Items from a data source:
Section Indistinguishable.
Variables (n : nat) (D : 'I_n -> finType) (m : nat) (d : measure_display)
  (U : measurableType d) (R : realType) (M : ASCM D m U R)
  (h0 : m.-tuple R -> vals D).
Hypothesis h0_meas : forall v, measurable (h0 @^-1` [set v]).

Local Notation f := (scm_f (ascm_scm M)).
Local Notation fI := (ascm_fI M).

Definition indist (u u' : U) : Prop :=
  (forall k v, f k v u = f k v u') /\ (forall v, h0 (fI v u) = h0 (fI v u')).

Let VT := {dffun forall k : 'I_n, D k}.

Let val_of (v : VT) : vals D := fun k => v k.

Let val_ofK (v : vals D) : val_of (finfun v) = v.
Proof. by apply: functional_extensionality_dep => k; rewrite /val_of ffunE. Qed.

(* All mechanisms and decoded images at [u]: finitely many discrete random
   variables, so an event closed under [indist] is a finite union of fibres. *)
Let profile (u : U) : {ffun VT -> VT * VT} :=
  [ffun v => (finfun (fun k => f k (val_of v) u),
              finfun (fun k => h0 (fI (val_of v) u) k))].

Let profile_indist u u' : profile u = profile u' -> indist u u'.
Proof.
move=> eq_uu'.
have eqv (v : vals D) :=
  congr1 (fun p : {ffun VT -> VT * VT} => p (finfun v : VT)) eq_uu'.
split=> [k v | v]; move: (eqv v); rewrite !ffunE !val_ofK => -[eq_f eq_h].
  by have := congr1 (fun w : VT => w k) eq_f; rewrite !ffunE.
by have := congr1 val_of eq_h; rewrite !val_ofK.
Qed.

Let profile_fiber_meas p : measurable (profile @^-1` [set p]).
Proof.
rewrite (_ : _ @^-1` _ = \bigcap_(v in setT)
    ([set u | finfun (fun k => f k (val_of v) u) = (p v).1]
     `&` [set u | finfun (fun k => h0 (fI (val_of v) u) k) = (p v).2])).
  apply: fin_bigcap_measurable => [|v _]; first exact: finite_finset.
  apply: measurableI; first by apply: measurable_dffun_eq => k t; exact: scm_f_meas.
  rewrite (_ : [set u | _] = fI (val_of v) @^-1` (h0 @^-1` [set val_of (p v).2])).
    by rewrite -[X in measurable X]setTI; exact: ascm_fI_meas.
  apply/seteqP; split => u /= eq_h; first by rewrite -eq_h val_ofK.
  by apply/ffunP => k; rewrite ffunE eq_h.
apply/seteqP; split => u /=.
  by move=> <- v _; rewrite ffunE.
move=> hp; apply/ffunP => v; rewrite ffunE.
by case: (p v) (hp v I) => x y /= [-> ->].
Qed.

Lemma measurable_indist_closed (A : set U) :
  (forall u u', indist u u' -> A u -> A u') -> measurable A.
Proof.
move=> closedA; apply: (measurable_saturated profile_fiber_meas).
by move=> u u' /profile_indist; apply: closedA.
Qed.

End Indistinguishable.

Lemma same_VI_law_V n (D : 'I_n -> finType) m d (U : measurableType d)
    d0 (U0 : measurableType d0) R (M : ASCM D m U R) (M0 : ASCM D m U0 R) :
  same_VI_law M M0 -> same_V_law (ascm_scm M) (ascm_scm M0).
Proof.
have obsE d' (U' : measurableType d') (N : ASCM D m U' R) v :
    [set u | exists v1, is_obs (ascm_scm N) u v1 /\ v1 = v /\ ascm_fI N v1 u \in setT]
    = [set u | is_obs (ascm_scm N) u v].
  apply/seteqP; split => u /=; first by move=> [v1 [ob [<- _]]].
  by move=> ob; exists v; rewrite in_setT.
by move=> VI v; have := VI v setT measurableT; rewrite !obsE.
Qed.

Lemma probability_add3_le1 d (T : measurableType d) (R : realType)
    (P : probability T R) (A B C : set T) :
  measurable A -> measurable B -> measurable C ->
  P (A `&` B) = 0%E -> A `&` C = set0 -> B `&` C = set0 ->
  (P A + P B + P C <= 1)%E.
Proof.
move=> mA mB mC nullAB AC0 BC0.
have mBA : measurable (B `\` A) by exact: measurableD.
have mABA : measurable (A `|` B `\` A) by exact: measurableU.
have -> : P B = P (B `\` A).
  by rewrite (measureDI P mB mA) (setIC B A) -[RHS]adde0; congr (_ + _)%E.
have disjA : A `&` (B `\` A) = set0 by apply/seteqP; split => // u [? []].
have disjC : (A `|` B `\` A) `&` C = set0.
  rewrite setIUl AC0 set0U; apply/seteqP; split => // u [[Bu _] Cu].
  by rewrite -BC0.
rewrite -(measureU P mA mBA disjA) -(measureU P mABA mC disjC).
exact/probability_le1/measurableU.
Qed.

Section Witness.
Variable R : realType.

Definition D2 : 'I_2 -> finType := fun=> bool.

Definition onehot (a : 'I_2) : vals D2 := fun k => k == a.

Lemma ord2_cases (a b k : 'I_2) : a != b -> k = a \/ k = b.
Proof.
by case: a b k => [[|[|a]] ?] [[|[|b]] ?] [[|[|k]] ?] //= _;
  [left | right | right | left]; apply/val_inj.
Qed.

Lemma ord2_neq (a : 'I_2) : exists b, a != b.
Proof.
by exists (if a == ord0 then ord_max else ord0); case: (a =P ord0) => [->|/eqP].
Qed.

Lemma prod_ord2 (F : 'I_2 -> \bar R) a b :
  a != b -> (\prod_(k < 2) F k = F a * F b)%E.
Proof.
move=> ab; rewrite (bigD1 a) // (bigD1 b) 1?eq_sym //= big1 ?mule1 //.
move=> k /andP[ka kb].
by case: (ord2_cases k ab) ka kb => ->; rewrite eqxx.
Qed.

...

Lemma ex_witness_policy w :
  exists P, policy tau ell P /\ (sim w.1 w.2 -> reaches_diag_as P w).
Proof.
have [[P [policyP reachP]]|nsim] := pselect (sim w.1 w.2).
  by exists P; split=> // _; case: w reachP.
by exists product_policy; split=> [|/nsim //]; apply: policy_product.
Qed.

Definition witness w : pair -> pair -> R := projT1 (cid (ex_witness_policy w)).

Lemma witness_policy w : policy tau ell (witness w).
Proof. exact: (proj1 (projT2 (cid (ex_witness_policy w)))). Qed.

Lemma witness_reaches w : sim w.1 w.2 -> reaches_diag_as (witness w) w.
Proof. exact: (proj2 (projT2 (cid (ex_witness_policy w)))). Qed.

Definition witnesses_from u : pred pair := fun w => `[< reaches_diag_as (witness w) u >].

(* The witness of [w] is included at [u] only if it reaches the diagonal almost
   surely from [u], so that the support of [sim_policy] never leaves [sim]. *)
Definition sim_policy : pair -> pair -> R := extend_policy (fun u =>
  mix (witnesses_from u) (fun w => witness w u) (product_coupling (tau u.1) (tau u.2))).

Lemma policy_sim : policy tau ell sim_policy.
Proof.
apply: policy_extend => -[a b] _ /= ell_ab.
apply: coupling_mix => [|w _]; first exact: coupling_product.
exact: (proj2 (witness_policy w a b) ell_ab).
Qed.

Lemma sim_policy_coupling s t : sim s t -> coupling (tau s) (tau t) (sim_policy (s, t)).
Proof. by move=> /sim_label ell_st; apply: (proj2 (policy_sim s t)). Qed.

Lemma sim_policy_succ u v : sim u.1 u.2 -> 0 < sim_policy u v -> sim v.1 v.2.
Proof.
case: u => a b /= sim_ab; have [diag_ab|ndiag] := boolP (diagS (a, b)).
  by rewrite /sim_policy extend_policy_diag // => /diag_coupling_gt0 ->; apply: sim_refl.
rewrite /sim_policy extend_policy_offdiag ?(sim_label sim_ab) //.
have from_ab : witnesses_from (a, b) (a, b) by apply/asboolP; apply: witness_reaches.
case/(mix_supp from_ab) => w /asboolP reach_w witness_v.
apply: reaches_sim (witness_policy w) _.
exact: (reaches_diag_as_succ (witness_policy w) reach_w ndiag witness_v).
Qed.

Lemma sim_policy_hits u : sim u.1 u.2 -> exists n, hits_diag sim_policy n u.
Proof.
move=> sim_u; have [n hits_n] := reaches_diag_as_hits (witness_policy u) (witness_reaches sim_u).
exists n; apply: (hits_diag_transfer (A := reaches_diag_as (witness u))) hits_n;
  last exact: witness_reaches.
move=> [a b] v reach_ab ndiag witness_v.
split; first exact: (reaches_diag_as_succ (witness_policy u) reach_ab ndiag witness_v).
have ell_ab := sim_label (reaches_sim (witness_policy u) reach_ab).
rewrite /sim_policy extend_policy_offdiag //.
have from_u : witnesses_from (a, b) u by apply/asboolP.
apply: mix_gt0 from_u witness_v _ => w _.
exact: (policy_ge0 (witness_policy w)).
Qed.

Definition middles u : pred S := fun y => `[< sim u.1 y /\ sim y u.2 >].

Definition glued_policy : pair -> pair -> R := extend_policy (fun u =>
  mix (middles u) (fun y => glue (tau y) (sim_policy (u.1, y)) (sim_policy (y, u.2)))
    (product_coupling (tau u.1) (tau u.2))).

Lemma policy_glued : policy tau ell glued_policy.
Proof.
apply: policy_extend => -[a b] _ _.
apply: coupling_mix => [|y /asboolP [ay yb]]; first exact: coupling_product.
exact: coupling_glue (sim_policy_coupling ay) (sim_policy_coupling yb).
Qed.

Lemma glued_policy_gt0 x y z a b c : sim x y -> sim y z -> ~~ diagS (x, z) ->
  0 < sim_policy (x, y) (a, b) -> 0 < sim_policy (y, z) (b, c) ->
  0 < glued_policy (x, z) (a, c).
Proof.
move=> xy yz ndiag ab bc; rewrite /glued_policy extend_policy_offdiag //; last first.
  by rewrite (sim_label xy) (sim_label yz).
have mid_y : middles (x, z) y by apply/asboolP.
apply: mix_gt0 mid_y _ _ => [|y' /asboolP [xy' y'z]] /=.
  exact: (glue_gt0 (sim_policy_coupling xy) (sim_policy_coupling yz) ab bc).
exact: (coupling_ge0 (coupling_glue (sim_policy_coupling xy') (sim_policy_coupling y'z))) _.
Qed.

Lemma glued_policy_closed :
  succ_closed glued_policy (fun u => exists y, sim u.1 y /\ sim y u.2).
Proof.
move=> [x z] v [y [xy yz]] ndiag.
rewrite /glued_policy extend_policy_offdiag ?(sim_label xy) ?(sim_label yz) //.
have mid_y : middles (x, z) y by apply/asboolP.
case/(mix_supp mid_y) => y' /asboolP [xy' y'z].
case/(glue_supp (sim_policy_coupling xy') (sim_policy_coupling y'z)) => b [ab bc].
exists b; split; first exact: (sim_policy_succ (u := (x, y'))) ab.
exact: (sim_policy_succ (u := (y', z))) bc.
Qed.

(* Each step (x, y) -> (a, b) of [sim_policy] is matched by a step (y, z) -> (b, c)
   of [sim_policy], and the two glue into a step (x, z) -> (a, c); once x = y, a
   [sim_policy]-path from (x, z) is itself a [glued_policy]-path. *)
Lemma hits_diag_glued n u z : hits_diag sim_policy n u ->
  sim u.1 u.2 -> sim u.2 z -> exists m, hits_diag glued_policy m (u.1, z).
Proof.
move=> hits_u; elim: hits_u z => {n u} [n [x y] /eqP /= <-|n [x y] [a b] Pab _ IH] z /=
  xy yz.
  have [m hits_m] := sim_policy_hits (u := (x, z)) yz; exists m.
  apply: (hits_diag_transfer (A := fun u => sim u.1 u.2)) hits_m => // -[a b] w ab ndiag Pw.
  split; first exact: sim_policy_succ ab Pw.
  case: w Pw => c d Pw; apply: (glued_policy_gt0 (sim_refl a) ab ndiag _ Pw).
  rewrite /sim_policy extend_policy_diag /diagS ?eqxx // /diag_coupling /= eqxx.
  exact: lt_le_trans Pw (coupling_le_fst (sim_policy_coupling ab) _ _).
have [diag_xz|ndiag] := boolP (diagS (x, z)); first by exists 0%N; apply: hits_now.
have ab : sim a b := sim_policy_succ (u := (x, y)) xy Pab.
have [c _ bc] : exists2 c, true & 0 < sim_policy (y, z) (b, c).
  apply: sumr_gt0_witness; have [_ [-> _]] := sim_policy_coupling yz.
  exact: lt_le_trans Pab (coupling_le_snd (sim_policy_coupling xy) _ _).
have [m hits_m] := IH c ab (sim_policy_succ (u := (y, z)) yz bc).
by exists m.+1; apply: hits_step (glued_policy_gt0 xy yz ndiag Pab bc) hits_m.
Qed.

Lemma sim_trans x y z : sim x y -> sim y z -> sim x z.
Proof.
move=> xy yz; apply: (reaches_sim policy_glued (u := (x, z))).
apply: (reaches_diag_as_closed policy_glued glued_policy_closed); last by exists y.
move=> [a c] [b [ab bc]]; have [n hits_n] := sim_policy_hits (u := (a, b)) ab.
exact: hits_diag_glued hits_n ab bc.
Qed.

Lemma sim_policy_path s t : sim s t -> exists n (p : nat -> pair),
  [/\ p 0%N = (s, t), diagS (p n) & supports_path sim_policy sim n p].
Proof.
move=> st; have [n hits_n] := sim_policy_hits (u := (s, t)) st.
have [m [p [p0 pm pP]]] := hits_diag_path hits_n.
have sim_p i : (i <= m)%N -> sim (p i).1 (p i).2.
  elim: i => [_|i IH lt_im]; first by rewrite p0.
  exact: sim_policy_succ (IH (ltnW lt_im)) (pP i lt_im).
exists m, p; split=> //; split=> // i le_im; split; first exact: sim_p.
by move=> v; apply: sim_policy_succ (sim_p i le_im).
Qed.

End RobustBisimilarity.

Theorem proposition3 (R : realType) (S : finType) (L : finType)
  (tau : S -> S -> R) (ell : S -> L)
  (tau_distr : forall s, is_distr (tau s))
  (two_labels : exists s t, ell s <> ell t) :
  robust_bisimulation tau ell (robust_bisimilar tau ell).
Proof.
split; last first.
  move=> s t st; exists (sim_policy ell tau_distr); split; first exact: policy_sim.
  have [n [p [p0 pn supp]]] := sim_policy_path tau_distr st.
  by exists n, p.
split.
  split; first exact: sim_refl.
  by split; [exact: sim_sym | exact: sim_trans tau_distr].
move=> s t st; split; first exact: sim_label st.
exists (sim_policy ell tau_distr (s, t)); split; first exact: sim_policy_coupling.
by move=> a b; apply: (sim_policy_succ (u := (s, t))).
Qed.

---

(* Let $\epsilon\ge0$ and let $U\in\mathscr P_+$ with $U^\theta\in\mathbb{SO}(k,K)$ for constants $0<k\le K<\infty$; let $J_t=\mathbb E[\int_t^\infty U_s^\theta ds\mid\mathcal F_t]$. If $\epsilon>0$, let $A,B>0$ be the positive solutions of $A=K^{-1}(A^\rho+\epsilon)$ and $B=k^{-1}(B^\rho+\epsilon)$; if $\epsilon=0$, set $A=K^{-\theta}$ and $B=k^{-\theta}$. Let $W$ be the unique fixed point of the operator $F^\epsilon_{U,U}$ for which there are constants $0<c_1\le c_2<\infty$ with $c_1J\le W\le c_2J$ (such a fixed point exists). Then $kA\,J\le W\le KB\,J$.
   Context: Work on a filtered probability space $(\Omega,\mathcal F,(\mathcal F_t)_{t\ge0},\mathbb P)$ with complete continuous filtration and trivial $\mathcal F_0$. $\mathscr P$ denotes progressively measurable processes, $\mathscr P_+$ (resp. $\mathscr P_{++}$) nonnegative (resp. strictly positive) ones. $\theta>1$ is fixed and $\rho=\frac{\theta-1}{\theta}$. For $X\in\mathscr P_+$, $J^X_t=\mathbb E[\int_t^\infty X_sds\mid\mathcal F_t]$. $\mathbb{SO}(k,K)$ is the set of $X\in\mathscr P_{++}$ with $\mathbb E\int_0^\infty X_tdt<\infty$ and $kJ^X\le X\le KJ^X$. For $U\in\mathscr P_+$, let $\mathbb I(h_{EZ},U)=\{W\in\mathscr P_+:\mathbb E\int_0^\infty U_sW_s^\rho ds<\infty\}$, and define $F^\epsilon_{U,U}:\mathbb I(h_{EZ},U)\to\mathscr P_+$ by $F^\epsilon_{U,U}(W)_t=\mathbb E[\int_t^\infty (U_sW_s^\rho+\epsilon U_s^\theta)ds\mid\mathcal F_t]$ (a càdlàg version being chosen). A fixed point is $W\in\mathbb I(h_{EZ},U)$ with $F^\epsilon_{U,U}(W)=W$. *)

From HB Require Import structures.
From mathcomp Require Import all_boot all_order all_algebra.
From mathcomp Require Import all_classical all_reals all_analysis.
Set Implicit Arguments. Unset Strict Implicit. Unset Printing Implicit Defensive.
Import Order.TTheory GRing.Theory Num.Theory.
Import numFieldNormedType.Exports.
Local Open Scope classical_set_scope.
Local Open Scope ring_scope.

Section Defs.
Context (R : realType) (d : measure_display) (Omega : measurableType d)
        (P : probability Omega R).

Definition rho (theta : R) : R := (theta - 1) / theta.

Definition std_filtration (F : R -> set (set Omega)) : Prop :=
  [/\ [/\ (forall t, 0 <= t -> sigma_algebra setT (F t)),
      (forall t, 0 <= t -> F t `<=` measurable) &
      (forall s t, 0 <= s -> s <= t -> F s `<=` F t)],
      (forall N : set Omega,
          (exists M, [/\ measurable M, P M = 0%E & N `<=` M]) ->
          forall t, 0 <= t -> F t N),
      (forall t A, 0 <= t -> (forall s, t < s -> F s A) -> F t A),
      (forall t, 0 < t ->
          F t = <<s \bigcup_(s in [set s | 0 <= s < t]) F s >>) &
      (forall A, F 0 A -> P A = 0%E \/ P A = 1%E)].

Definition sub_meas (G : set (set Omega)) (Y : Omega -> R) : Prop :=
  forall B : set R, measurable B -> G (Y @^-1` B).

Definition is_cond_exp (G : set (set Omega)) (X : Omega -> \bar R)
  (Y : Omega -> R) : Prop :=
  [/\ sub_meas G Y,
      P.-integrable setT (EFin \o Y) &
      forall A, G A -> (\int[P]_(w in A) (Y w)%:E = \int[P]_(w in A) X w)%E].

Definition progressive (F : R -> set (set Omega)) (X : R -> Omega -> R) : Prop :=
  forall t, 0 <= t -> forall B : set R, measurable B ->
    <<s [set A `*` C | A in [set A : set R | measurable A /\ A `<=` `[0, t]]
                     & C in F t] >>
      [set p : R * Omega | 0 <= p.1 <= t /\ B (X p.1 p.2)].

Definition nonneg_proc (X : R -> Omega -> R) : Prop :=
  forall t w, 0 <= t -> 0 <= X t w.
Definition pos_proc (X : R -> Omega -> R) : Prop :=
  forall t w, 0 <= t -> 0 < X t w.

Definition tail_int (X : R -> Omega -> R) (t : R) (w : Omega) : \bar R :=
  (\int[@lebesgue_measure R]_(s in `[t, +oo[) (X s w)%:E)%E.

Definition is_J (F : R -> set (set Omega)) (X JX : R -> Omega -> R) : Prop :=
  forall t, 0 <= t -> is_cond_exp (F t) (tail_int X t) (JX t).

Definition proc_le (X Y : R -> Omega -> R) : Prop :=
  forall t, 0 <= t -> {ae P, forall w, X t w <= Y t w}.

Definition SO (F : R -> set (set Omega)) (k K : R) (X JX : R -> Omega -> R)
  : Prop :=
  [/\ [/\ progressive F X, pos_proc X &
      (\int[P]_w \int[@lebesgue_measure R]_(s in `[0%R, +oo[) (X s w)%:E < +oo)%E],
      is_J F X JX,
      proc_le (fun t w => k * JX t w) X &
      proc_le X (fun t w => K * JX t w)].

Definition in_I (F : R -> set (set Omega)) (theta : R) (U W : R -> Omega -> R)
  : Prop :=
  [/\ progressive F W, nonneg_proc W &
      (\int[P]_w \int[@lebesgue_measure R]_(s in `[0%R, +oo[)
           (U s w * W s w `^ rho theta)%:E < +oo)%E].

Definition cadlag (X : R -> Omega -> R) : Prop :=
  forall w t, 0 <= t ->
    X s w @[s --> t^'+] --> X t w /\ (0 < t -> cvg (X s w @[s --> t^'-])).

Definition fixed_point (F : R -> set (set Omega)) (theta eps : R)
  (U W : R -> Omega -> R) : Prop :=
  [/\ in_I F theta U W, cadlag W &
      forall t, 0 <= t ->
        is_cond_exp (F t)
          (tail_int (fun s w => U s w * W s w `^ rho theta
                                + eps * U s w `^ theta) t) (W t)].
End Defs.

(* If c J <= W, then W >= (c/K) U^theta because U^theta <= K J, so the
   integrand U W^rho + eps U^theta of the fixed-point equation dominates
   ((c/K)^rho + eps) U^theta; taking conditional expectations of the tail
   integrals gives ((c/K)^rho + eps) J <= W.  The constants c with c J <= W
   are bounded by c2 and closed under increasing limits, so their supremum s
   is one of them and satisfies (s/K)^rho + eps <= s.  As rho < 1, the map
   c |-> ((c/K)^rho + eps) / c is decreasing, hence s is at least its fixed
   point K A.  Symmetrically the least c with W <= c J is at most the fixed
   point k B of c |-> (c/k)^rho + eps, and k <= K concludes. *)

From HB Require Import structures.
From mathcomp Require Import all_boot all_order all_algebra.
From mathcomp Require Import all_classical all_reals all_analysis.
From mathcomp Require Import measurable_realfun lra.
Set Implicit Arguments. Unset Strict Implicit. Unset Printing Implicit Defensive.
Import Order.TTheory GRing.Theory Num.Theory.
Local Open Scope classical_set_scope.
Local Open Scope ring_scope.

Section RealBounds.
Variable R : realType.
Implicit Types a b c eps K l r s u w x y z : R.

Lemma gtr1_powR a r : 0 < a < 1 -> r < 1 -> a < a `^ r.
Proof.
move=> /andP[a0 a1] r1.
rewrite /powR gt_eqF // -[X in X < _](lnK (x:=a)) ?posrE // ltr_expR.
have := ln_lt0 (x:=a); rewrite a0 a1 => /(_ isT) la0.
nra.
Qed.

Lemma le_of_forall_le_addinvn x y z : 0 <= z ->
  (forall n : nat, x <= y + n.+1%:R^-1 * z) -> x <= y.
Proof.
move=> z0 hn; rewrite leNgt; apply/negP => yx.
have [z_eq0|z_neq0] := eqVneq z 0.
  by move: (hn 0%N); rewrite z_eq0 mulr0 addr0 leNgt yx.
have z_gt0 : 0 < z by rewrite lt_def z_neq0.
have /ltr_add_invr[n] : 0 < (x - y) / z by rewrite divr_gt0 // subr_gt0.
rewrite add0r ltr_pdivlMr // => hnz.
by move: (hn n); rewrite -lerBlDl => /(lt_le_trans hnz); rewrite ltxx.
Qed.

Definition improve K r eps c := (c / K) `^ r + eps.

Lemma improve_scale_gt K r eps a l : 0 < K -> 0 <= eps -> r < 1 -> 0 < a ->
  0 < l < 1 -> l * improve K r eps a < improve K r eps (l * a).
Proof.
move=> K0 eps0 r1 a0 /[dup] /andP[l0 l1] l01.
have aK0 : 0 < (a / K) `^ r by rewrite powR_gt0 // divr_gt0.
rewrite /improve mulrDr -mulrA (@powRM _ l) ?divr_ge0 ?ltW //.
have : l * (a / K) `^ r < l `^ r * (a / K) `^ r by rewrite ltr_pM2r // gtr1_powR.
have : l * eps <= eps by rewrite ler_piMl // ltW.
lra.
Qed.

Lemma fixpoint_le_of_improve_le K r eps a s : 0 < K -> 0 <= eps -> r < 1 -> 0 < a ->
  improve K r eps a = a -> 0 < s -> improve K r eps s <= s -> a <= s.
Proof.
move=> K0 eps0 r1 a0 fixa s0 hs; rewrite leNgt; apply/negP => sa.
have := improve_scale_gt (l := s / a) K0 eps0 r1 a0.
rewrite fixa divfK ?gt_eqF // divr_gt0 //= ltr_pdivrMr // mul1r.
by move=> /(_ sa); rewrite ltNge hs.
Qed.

What you should do —
Copy out the lines above exactly, beginning at the one that contains "Section Indistinguishable." and ending at the one that contains "Let val_of (v : VT) : vals D := fun k => v k.".

Written solution —
Section Indistinguishable.
Variables (n : nat) (D : 'I_n -> finType) (m : nat) (d : measure_display)
  (U : measurableType d) (R : realType) (M : ASCM D m U R)
  (h0 : m.-tuple R -> vals D).
Hypothesis h0_meas : forall v, measurable (h0 @^-1` [set v]).

Local Notation f := (scm_f (ascm_scm M)).
Local Notation fI := (ascm_fI M).

Definition indist (u u' : U) : Prop :=
  (forall k v, f k v u = f k v u') /\ (forall v, h0 (fI v u) = h0 (fI v u')).

Let VT := {dffun forall k : 'I_n, D k}.

Let val_of (v : VT) : vals D := fun k => v k.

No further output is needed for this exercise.